Western said it researched with telecommunications giant Huawei, which is believed by many intelligence agencies, including Canada’s, to be an ally of the Chinese state.
The world’s second largest manufacturer of smartphones, Huawei has drawn controversy wherever it has spread its enormous research and development networks — often into universities in the Western world, whose academics work with Huawei scientists.
The United States, Australia and New Zealand all bar or limit research with the company, but Canada does not. These countries, along with the United Kingdom, were also present in July and April of 2017 when Prime Minister Justin Trudeau was briefed by the countries’ spy directors about Huawei’s risks to national security.
According to a Globe and Mail report, “many in the international intelligence community consider Huawei to be closely linked to a Chinese government seen as one of the leading state sponsors of cyberattacks and corporate espionage.”
Later, in October 2018, the Canadian Security Intelligence Service briefed the U15 — an association of Canada's top research-intensive universities — with the same message. Western's former vice-president of research John Capone could not attend the meeting and Western was notified by other means.
Amid CSIS' warnings, a number of top Canadian universities — including the University of Waterloo, the University of British Columbia and McGill University — have worked with Huawei.
Western University confirmed Tuesday that it has researched with the company in the past, though they are not currently. They declined to say when the research took place or who took part.
“Western’s usual process for accepting and supporting research empowers ... our researchers to decide whether or not to take on projects,” said Keith Marnoch, Western's director of media relations. “We are in regular communication with the government of Canada, the U15 and Universities Canada regarding how academic research may impact national security issues.”
Beyond security concerns, Huawei has been repeatedly accused of intellectual property theft, and its research with Canadian universities has largely assigned IP rights to Huawei, even though the work is underwritten by tax dollars.
The company is also the nexus of an international skirmish between the U.S. and China which recently entangled Canada. In December, a Huawei executive was arrested in Vancouver for extradition to the U.S., who allege the company broke trade sanctions against Iran. Since the arrest, a dozen Canadians in China have been detained in retaliation, and one was recently re-sentenced to death after an earlier drug trafficking conviction.
What Huawei wants
Beyond surpassing Apple for the world’s number-two spot in the smartphone market, Huawei became the world’s number-one manufacturer of telecommunications equipment in 2012 — the hardware that moves cell and internet signals around the globe. The previous leader had been Sweden's Ericsson.

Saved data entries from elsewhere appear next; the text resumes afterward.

Lemma not_euler_equation : sigma = -2 -> p = 1 -> False.
Proof.
move=> s2 p1.
have u''E x : 0 < x -> u'' x = - (u x / x ^+ 2).
  case: sol => _ _ _ _ E x0; rewrite -[u'' x]opprK E // s2 p1.
  by rewrite powRN powR_mulrn ?ltW // powRr1 ?ltW ?sol_gt0 // mulrC.
(* x r' = -(r^2 - r + 1) <= -3/4, so r decreases like -3/4 ln x. *)
pose r y := y * u' y / u y.
have dr (x : R) : 0 < x -> is_derive x 1 r (- (r x ^+ 2 - r x + 1) / x).
  move=> x0; have ux := sol_gt0 x0.
  have [du du' _ _] := hu x x0.
  have hu'' : is_derive x 1 u' (u'' x) by rewrite derive1E; exact: derivableP.
  have hu' : is_derive x 1 u (u' x) by rewrite derive1E; exact: derivableP.
  have -> : r = (id * u') * (fun y => (u y)^-1) by [].
  apply: is_derive_eq (is_deriveM (is_deriveM (is_derive_id x 1) hu'') (is_deriveV _ hu')) _.
    by rewrite gt_eqF.
  have sc (a b : R) : a *: b = a * b by [].
  by rewrite u''E // !sc mulr1 !fctE /=; field; rewrite !gt_eqF.
have [x x1] : exists2 x, 1 <= x & r x < 0.
  apply: (@derive1_le_Ninv_neg _ r _ (3 / 4)) => // [y y0|c c1].
    by have [] := dr y y0.
  have c0 := lt_trans ltr01 c1.
  rewrite derive1E; have [_ ->] := dr c c0.
  rewrite ler_pM2r ?invr_gt0 //; have := sqr_ge0 (r c - 1 / 2); lra.
have x0 := lt_le_trans ltr01 x1.
by rewrite ltNge /r !mulr_ge0 ?(derive1_ge0 hu x0) ?invr_ge0 ?ltW ?sol_gt0.
Qed.

Lemma sigma_neq_Ntwo : sigma + 2 != 0.
Proof.
apply/negP => /eqP s0; have s2 : sigma = -2 by lra.
have lb x : 0 < x -> - k <= (1 - p) * ln (u x).
  by move=> x0; have := ln_sol_lbound x0; rewrite s0 mul0r sub0r.
case: (ltgtP p 1) => [p_lt1|p_gt1|p1]; last exact: not_euler_equation s2 p1.
- set C := Num.min (p * (- k / (1 - p))) (p * ln (u 1)).
  apply: (Nderive2_not_ge_inv_sqr_0 hu (expR_gt0 C)) => x /andP[x0 x1].
  apply: Nderive2_ge_inv_pow => //.
  have l1 : - k / (1 - p) <= ln (u x).
    by rewrite ler_pdivrMr ?subr_gt0 // [_ * (1 - p)]mulrC; exact: lb.
  have /andP[l2 _] := ln_sol_increment x0 x1.
  have := @minr_le_mul _ p _ _ (ln (u 1)) l1; rewrite -subr_ge0 => /(_ l2).
  rewrite -/C s2; lra.
- apply: (Nderive2_not_ge_inv_sqr_pinfty hu (expR_gt0 (p * ln (u 1))) (B := expR (k / (p - 1)))).
  + move=> x x1; have ux := sol_gt0 (lt_le_trans ltr01 x1).
    rewrite -[u x]lnK ?posrE // ler_expR ler_pdivlMr ?subr_gt0 //.
    by have := lb x (lt_le_trans ltr01 x1); lra.
  + move=> x x1; apply: Nderive2_ge_inv_pow; first exact: lt_le_trans ltr01 x1.
    have /andP[l1 _] := ln_sol_increment ltr01 x1.
    have : p * ln (u 1) <= p * ln (u x) by rewrite ler_wpM2l; lra.
    rewrite s2; lra.
Qed.

Lemma sigma_neq_critical : sigma + 2 != 1 - p.
Proof.
apply/negP => /eqP sq.
have p1 : p != 1 by apply: contraNneq sigma_neq_Ntwo => p1; rewrite sq p1 subrr.
have lb x : 0 < x -> - k <= (1 - p) * (ln (u x) - ln x).
  by move=> x0; have := ln_sol_lbound x0; rewrite sq mulrBr; lra.
have rhs x : sigma * ln x + p * ln (u x) = - ln x + p * (ln (u x) - ln x).
  have -> : sigma = -1 - p by lra.
  by ring.
case: (ltgtP p 1) => [p_lt1|p_gt1|/eqP]; last by rewrite (negbTE p1).
- set C := Num.min (p * (- k / (1 - p))) (p * ln (u 1)).
  apply: (Nderive2_not_ge_inv_pinfty hu (expR_gt0 C)) => x x1.
  have x0 := lt_le_trans ltr01 x1.
  have := @Nderive2_ge_inv_pow 1 C x x0; rewrite expr1; apply.
  have l1 : - k / (1 - p) <= ln (u x) - ln x.
    by rewrite ler_pdivrMr ?subr_gt0 // [_ * (1 - p)]mulrC; exact: lb.
  have /andP[_] := ln_sol_increment ltr01 x1; rewrite ln1 subr0 => l2.
  have {}l2 : ln (u x) - ln x <= ln (u 1) by lra.
  have := @minr_le_mul _ p _ _ (ln (u 1)) l1 l2.
  rewrite -/C rhs; lra.
- apply: (Nderive2_not_ge_inv_0 hu (expR_gt0 (p * ln (u 1))) (B := expR (k / (p - 1)))).
  + move=> x /andP[x0 x1]; have ux := sol_gt0 x0.
    rewrite -[u x]lnK ?posrE // -{2}(lnK (_ : x \in Num.pos)) ?posrE // -expRD ler_expR.
    have : ln (u x) - ln x <= k / (p - 1) by rewrite ler_pdivlMr ?subr_gt0 //; have := lb x x0; lra.
    lra.
  + move=> x /andP[x0 x1].
    have := @Nderive2_ge_inv_pow 1 (p * ln (u 1)) x x0; rewrite expr1; apply.
    have /andP[_] := ln_sol_increment x0 x1; rewrite ln1 sub0r => l.
    have : p * ln (u 1) <= p * (ln (u x) - ln x) by rewrite ler_wpM2l; lra.
    rewrite rhs; lra.
Qed.

Lemma sol_exponents : (sigma < -2 /\ p > -1 - sigma) \/ (sigma > -2 /\ p < -1 - sigma).
Proof.
have s0 := sigma_neq_Ntwo; have sq := sigma_neq_critical.
have : 0 < (sigma + 2) * ((1 - p) - (sigma + 2)).
  by rewrite lt_def exponent_sign mulf_neq0 // subr_eq0 eq_sym.
case: (ltgtP sigma (-2)) => [s_lt|s_gt|s_eq]; last by move: s0; rewrite s_eq addNr eqxx.
- by left; split => //; nra.
- by right; split => //; nra.
Qed.

End Solution.

Section PowerSolution.
Variable R : realType.

Lemma near_pos_eq (f g : R -> R) (x : R) : 0 < x ->
  (forall y, 0 < y -> f y = g y) -> \forall y \near x, f y = g y.
Proof.
move=> x0 H; near=> y; apply: H; near: y; exact: lt_nbhsr.
Unshelve. all: by end_near.
Qed.

Lemma C2_pos_of_is_derive {v v1 v2 : R -> R} :
  (forall x : R, 0 < x -> is_derive x 1 v (v1 x)) ->
  (forall x : R, 0 < x -> is_derive x 1 v1 (v2 x)) ->
  (forall x : R, 0 < x -> derivable v2 x 1) ->
  C2_pos v /\ (forall x, 0 < x -> derive1 (derive1 v) x = v2 x).
Proof.
move=> h1 h2 h3.
have e1 (y : R) : 0 < y -> derive1 v y = v1 y.
  by move=> y0; rewrite derive1E; case: (h1 y y0).
have near1 (x : R) : 0 < x -> \forall y \near x, v1 y = derive1 v y.
  by move=> x0; apply: near_pos_eq => // y y0; rewrite e1.
have e2 (y : R) : 0 < y -> derive1 (derive1 v) y = v2 y.
  move=> y0; rewrite derive1E -(near_eq_derive _ (near1 y y0)).
  by case: (h2 y y0).
split => // x x0; split; first by case: (h1 x x0).
  by apply: near_eq_derivable (near1 x x0) _; case: (h2 x x0).
apply/differentiable_continuous; rewrite -derivable1_diffP.
apply: (@near_eq_derivable _ _ _ v2); last exact: h3.
by apply: near_pos_eq => // y y0; rewrite e2.
Qed.

Lemma is_derive_scaled_powR (c a x : R) : 0 < x ->
  is_derive x 1 (fun y => c * powR y a) (c * a * powR x (a - 1)).
Proof.
move=> x0; have -> : (fun y => c * powR y a) = c \*: (@powR R ^~ a) by [].
by apply: is_derive_eq (is_deriveZ c (is_derive1_powR a x0)) _; rewrite -mulrA.
Qed.

Lemma power_solution (p sigma : R) :
  (sigma < -2 /\ p > -1 - sigma) \/ (sigma > -2 /\ p < -1 - sigma) ->
  exists u : R -> R, is_nontriv_nonneg_sol p sigma u.
Proof.
move=> hc.
have p1 : 1 - p != 0 by apply/eqP => e; case: hc => -[]; lra.
set b := (sigma + 2) / (1 - p).
have bq : b * (1 - p) = sigma + 2 by rewrite /b divfK.
clearbody b.
have [b0 b1] : 0 < b /\ b < 1 by case: hc => -[] h1 h2; split; nra.
set m := b * (1 - b).
have m0 : 0 < m by rewrite /m mulr_gt0 // subr_gt0.
set C := powR m (p - 1)^-1.
have C0 : 0 < C by rewrite powR_gt0.
have Cp : powR C p = C * m.
  rewrite -[in LHS](subrK 1 p) powRD; last by rewrite (gt_eqF C0) implybT.
  rewrite powRr1 ?ltW // mulrC.
  rewrite /C -powRrM mulVf ?powRr1 ?ltW //.
  by apply: contraNneq p1 => /eqP; rewrite subr_eq0 => /eqP ->; rewrite subrr.
pose v y := C * powR y b.
have d2 x : 0 < x -> derivable (fun y => C * b * (b - 1) * powR y (b - 1 - 1)) x 1.
  by move=> x0; have [] := is_derive_scaled_powR (C * b * (b - 1)) (b - 1 - 1) x x0.
have [hC2 hE] := C2_pos_of_is_derive (is_derive_scaled_powR C b)
  (is_derive_scaled_powR (C * b) (b - 1)) d2.
exists v; split => //.
- by move=> x x0; rewrite mulr_ge0 ?powR_ge0 // ltW.
- by exists 1; split => //; rewrite /v powR1 mulr1 gt_eqF.
- by move=> _ x x0; rewrite mulr_gt0 // powR_gt0.
- move=> x x0; rewrite hE // /v powRM ?powR_ge0 ?ltW // Cp -powRrM mulrCA.
  rewrite -powRD; last by rewrite (gt_eqF x0) implybT.
  have -> : sigma + b * p = b - 1 - 1 by rewrite -[sigma](addrK 2) -bq; ring.
  by rewrite /m; ring.
Qed.

End PowerSolution.

Theorem theorem1p3 (R : realType) (p sigma : R) :
  (exists u : R -> R, is_nontriv_nonneg_sol p sigma u) <->
  ((sigma < -2 /\ p > -1 - sigma) \/ (sigma > -2 /\ p < -1 - sigma)).
Proof.
split; first by case=> u; exact: sol_exponents.
exact: power_solution.
Qed.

Huawei is in search of market dominance over highly anticipated 5G technology for smartphones, which is set to carry more data and do it faster than 4G. Huawei spent a quarter of its Canadian research and development budget on the pursuit in 2018: 566 Huawei employees in Canada now wield triple the funding they did in 2014.
The leaders of all six American intelligence chiefs specifically warned the U.S. Senate Intelligence Committee that Huawei’s 5G technology could be used for espionage. Two senators on the committee then called on Trudeau to halt Huawei’s 5G progress in Canada.
Canada’s intelligence experts have expressed similar concerns.
“It is hard for me to believe that a company such as Huawei would not do the bidding of the Chinese government and would not build trapdoors into its technology on behalf of the Chinese government,” a former director of CSIS told the Globe.
Concerns like these culminated in the U15 warning in October. Since the meeting, Queen’s University confirmed they are taking on projects with Huawei, though they did not say if they were related to 5G research. Twenty academics from McGill scheduled a follow-up meeting with CSIS officials.